Work item:
Exact reproduction required: the lines below from the line with "From Stdlib Require Import ClassicalEpsilon." to the line with "Definition pi_spec (Gam", both ends included, and no others.

Provided data:
________________________________________

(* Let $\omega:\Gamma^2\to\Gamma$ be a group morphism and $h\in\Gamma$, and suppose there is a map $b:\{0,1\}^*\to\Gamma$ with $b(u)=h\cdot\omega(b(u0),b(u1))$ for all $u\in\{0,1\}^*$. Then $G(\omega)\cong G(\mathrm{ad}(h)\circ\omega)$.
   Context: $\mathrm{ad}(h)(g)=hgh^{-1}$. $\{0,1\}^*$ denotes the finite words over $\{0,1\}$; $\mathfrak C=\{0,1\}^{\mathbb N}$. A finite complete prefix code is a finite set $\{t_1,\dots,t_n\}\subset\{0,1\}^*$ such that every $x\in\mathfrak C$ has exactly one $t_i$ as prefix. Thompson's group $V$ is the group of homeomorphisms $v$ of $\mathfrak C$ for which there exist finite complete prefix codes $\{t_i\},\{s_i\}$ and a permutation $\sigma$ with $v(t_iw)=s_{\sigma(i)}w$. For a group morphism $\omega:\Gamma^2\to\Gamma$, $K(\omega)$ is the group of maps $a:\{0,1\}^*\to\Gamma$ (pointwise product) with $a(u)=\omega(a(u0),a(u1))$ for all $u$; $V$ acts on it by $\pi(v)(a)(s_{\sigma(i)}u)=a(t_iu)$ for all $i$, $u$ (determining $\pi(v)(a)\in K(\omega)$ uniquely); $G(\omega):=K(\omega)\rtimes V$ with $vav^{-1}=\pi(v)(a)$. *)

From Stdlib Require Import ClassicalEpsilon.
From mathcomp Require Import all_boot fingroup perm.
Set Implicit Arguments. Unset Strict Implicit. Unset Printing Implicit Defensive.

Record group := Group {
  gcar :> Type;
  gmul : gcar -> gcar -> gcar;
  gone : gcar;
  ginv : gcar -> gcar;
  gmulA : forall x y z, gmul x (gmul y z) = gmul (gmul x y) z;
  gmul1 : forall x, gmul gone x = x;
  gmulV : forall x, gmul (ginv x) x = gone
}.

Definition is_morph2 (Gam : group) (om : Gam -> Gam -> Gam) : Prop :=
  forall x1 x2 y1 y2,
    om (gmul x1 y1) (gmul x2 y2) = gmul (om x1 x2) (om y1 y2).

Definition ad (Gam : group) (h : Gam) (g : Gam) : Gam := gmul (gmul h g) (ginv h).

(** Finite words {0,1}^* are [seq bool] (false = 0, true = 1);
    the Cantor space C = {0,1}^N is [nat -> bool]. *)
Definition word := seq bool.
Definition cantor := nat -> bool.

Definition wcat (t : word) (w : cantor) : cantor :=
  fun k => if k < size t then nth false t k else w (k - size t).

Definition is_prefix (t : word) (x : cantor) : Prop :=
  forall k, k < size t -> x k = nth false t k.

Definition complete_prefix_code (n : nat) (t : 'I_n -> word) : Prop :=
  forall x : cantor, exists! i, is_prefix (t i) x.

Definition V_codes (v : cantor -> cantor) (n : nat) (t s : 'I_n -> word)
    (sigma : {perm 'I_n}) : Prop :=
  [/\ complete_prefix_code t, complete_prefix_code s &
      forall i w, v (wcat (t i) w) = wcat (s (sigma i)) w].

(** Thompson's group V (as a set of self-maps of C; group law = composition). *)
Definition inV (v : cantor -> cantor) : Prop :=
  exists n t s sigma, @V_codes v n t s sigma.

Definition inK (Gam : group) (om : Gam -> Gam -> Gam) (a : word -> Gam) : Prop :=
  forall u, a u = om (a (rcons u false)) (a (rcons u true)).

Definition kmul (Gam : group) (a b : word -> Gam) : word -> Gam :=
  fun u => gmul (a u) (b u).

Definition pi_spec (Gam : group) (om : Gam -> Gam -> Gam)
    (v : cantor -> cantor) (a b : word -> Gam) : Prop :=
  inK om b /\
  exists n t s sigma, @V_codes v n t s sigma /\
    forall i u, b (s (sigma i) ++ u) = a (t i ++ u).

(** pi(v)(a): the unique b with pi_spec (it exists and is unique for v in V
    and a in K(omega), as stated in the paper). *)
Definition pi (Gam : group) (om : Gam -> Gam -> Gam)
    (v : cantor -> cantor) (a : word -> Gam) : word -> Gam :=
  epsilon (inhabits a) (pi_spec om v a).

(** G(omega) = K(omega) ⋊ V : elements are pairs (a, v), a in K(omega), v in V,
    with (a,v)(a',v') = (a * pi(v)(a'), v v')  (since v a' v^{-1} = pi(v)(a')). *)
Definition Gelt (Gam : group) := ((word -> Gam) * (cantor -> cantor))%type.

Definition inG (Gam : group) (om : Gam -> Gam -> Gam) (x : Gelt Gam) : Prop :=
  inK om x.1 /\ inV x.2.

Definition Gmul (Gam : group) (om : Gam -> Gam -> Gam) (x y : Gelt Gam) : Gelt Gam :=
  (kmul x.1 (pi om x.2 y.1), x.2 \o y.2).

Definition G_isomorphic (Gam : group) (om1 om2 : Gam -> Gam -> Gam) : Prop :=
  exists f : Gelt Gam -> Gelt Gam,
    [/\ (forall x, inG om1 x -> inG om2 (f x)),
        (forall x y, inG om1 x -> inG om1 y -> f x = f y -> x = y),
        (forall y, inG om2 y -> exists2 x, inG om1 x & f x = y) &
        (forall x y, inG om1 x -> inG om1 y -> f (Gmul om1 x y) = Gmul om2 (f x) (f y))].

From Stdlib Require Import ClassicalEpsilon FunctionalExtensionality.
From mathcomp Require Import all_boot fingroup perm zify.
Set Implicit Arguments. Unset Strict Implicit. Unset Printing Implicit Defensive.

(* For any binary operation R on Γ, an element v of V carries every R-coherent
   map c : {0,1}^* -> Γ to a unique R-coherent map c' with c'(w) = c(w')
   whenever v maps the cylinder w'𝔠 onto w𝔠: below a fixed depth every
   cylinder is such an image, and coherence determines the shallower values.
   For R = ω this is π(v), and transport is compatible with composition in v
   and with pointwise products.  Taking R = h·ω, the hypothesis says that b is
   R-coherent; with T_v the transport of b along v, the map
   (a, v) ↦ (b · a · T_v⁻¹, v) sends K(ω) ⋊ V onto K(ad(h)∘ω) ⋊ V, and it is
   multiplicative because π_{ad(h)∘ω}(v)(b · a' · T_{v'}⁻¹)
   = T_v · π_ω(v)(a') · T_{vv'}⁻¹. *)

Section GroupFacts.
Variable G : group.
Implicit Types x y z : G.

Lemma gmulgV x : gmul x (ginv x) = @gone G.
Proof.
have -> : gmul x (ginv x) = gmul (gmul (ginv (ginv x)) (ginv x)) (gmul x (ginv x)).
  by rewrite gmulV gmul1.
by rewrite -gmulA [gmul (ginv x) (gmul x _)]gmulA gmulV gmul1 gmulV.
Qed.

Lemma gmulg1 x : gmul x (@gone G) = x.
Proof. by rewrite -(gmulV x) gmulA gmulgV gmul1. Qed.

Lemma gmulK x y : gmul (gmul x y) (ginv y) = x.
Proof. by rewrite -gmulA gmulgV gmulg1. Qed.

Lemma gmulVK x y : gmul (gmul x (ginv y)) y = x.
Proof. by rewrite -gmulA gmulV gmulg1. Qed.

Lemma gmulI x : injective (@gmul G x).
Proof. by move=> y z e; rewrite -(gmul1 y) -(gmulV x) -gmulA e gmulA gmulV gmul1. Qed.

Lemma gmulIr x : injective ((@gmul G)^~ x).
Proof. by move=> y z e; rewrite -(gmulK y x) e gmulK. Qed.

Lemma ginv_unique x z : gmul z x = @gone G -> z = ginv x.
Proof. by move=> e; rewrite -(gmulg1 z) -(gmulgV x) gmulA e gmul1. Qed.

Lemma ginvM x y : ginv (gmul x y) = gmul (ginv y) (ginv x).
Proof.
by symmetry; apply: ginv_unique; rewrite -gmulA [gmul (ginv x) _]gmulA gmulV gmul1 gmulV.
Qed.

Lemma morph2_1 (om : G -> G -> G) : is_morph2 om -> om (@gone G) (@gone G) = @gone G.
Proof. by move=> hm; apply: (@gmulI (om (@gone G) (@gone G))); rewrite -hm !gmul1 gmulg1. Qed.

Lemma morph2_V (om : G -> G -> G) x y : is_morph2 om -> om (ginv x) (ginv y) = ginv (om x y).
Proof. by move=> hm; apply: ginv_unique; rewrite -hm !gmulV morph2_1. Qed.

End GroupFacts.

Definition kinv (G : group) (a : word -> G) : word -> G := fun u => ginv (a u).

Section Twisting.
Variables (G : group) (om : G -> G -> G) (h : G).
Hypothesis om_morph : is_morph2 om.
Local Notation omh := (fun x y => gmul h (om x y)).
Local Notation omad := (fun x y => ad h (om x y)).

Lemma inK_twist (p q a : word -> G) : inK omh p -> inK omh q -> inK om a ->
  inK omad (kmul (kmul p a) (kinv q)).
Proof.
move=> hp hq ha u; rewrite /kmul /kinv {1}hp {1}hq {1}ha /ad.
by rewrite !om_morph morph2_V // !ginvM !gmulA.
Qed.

________________________________________

Response for this exercise:
From Stdlib Require Import ClassicalEpsilon.
From mathcomp Require Import all_boot fingroup perm.
Set Implicit Arguments. Unset Strict Implicit. Unset Printing Implicit Defensive.

Record group := Group {
  gcar :> Type;
  gmul : gcar -> gcar -> gcar;
  gone : gcar;
  ginv : gcar -> gcar;
  gmulA : forall x y z, gmul x (gmul y z) = gmul (gmul x y) z;
  gmul1 : forall x, gmul gone x = x;
  gmulV : forall x, gmul (ginv x) x = gone
}.

Definition is_morph2 (Gam : group) (om : Gam -> Gam -> Gam) : Prop :=
  forall x1 x2 y1 y2,
    om (gmul x1 y1) (gmul x2 y2) = gmul (om x1 x2) (om y1 y2).

Definition ad (Gam : group) (h : Gam) (g : Gam) : Gam := gmul (gmul h g) (ginv h).

(** Finite words {0,1}^* are [seq bool] (false = 0, true = 1);
    the Cantor space C = {0,1}^N is [nat -> bool]. *)
Definition word := seq bool.
Definition cantor := nat -> bool.

Definition wcat (t : word) (w : cantor) : cantor :=
  fun k => if k < size t then nth false t k else w (k - size t).

Definition is_prefix (t : word) (x : cantor) : Prop :=
  forall k, k < size t -> x k = nth false t k.

Definition complete_prefix_code (n : nat) (t : 'I_n -> word) : Prop :=
  forall x : cantor, exists! i, is_prefix (t i) x.

Definition V_codes (v : cantor -> cantor) (n : nat) (t s : 'I_n -> word)
    (sigma : {perm 'I_n}) : Prop :=
  [/\ complete_prefix_code t, complete_prefix_code s &
      forall i w, v (wcat (t i) w) = wcat (s (sigma i)) w].

(** Thompson's group V (as a set of self-maps of C; group law = composition). *)
Definition inV (v : cantor -> cantor) : Prop :=
  exists n t s sigma, @V_codes v n t s sigma.

Definition inK (Gam : group) (om : Gam -> Gam -> Gam) (a : word -> Gam) : Prop :=
  forall u, a u = om (a (rcons u false)) (a (rcons u true)).

Definition kmul (Gam : group) (a b : word -> Gam) : word -> Gam :=
  fun u => gmul (a u) (b u).

Definition pi_spec (Gam : group) (om : Gam -> Gam -> Gam)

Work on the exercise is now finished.